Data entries
===
(* Let $(\mathcal A\to\mathcal H)$ be a Hopf algebra in $\mathcal{LM}$. Let $\mathcal G_0(\mathcal H)$ be the group of group-like elements of $\mathcal H$ and $\mathcal G_1(\mathcal A)$ the set of edge-like elements of $\mathcal A$, with maps $s,t:\mathcal G_1(\mathcal A)\to\mathcal G_0(\mathcal H)$ assigning to an edge-like $a$ the group-like elements $s(a),t(a)$ with $\Delta_1(a)=a\otimes t(a)+s(a)\otimes a$. Then the two-sided action of $\mathcal H$ on $\mathcal A$ restricts to a two-sided action of $\mathcal G_0(\mathcal H)$ on $\mathcal G_1(\mathcal A)$, and $(\mathcal G_0(\mathcal H)\overset{s}{\underset{t}{\leftleftarrows}}\mathcal G_1(\mathcal A))$ is a group-like graph.
   Context: Over a field $\mathbf k$ of characteristic $0$, the category $\mathcal{LM}$ has objects linear maps $U\to V$ and tensor product $(U\to V)\otimes(U'\to V')=(U\otimes V'+V\otimes U'\to V\otimes V')$. A Hopf algebra in $\mathcal{LM}$ is $(\mathcal A\xrightarrow{f}\mathcal H)$ with $\mathcal H$ a Hopf algebra (coproduct $\Delta_0$, antipode $S_0$), $\mathcal A$ an $\mathcal H$-bimodule, $f$ a bimodule map, a bimodule map $\Delta_1:\mathcal A\to\mathcal A\otimes\mathcal H+\mathcal H\otimes\mathcal A$ with $\Delta_0f=(f\otimes\mathrm{Id}+\mathrm{Id}\otimes f)\Delta_1$, and $S_1:\mathcal A\to\mathcal A$ with $fS_1=S_0f$ and $\mu\circ(S_1\otimes\mathrm{Id}+S_0\otimes\mathrm{Id})\circ\Delta_1=\mu\circ(\mathrm{Id}\otimes S_0+\mathrm{Id}\otimes S_1)\circ\Delta_1=0$. An element $a\in\mathcal A$ is edge-like if $\Delta_1(a)=a\otimes t(a)+s(a)\otimes a$ for some group-like elements $s(a),t(a)$ of $\mathcal H$. A group-like graph is a directed graph $(V\overset{s}{\underset{t}{\leftleftarrows}}E)$ together with an associative graph morphism from its Cartesian square (vertices $V\times V$, arrows $E\times V\sqcup V\times E$) to itself such that the induced semigroup structure on $V$ is a group; here the multiplication is given on vertices by the product in $\mathcal G_0(\mathcal H)$ and on arrows by the two-sided action. *)

From HB Require Import structures.
From mathcomp Require Import all_boot all_order all_algebra.
From Stdlib Require Import ClassicalEpsilon.
Set Implicit Arguments. Unset Strict Implicit. Unset Printing Implicit Defensive.
Import GRing.Theory.
Local Open Scope ring_scope.

Section Tensors.
Variable K : fieldType.

Definition lin (U W : lmodType K) (f : U -> W) : Prop :=
  forall (a : K) (x y : U), f (a *: x + y) = a *: f x + f y.

Definition bilin (U V W : lmodType K) (b : U -> V -> W) : Prop :=
  (forall v : V, lin (fun u => b u v)) /\ (forall u : U, lin (b u)).

(* A tensor product U (x) V of K-vector spaces, given by its universal
   property (it exists and is unique up to unique isomorphism). *)
Record tensor (U V : lmodType K) := Tensor {
  tspace : lmodType K;
  tens : U -> V -> tspace;
  tens_bilin : bilin tens;
  tens_univ : forall (W : lmodType K) (b : U -> V -> W), bilin b ->
    exists phi : tspace -> W, lin phi /\ forall u v, phi (tens u v) = b u v;
  tens_uniq : forall (W : lmodType K) (phi psi : tspace -> W),
    lin phi -> lin psi -> (forall u v, phi (tens u v) = psi (tens u v)) ->
    forall x, phi x = psi x }.

(* The linear map T -> W induced by a bilinear map b : U -> V -> W
   (chosen by the universal property; only meaningful for bilinear b). *)
Definition tlift (U V : lmodType K) (T : tensor U V) (W : lmodType K)
  (b : U -> V -> W) : tspace T -> W :=
  epsilon (inhabits (fun _ => 0))
    (fun phi => lin phi /\ forall u v, phi (tens T u v) = b u v).

Definition tmap (U V U' V' : lmodType K) (T : tensor U V) (T' : tensor U' V')
  (f : U -> U') (g : V -> V') : tspace T -> tspace T' :=
  @tlift U V T _ (fun u v => tens T' (f u) (g v)).

End Tensors.
Arguments tlift {K U V} T {W} b _.
Arguments tmap {K U V U' V'} T T' f g _.

Record hopf_algebra (K : fieldType) := HopfAlgebra {
  hH : algType K;
  hHH : tensor hH hH;
  hH3l : tensor (tspace hHH) hH;
  hH3r : tensor hH (tspace hHH);
  Delta0 : hH -> tspace hHH;
  eps0 : hH -> K;
  S0 : hH -> hH;
  Delta0_lin : lin Delta0;
  eps0_lin : forall (a : K) x y, eps0 (a *: x + y) = a * eps0 x + eps0 y;
  S0_lin : lin S0;
  (* coassociativity, through the associator H(x)(H(x)H) -> (H(x)H)(x)H *)
  coassoc : forall h : hH,
    tmap hHH hH3l Delta0 id (Delta0 h) =
    tlift hH3r (fun x yz => tlift hHH (fun y z => tens hH3l (tens hHH x y) z) yz)
      (tmap hHH hH3r id Delta0 (Delta0 h));
  counitl : forall h : hH, tlift hHH (fun x y => eps0 x *: y) (Delta0 h) = h;
  counitr : forall h : hH, tlift hHH (fun x y => eps0 y *: x) (Delta0 h) = h;
  (* Delta0 and eps0 are algebra maps (H (x) H with factorwise product) *)
  Delta0_mul : forall x y : hH,
    Delta0 (x * y) =
    tlift hHH (fun x1 x2 => tlift hHH (fun y1 y2 => tens hHH (x1 * y1) (x2 * y2))
                              (Delta0 y)) (Delta0 x);
  Delta0_one : Delta0 1 = tens hHH 1 1;
  eps0_mul : forall x y : hH, eps0 (x * y) = eps0 x * eps0 y;
  eps0_one : eps0 1 = 1;
  antipodel : forall h : hH,
    tlift hHH (fun x y => S0 x * y) (Delta0 h) = eps0 h *: (1 : hH);
  antipoder : forall h : hH,
    tlift hHH (fun x y => x * S0 y) (Delta0 h) = eps0 h *: (1 : hH) }.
===
• WORK INSTRUCTION: Starting at the line that contains "Local Open Scope ring_scope." and stopping after the line that contains "Definition bilin (U", write out every line exactly as it appears above, and no other line.

• TASK ANSWER:
Local Open Scope ring_scope.

Section Tensors.
Variable K : fieldType.

Definition lin (U W : lmodType K) (f : U -> W) : Prop :=
  forall (a : K) (x y : U), f (a *: x + y) = a *: f x + f y.

Definition bilin (U V W : lmodType K) (b : U -> V -> W) : Prop :=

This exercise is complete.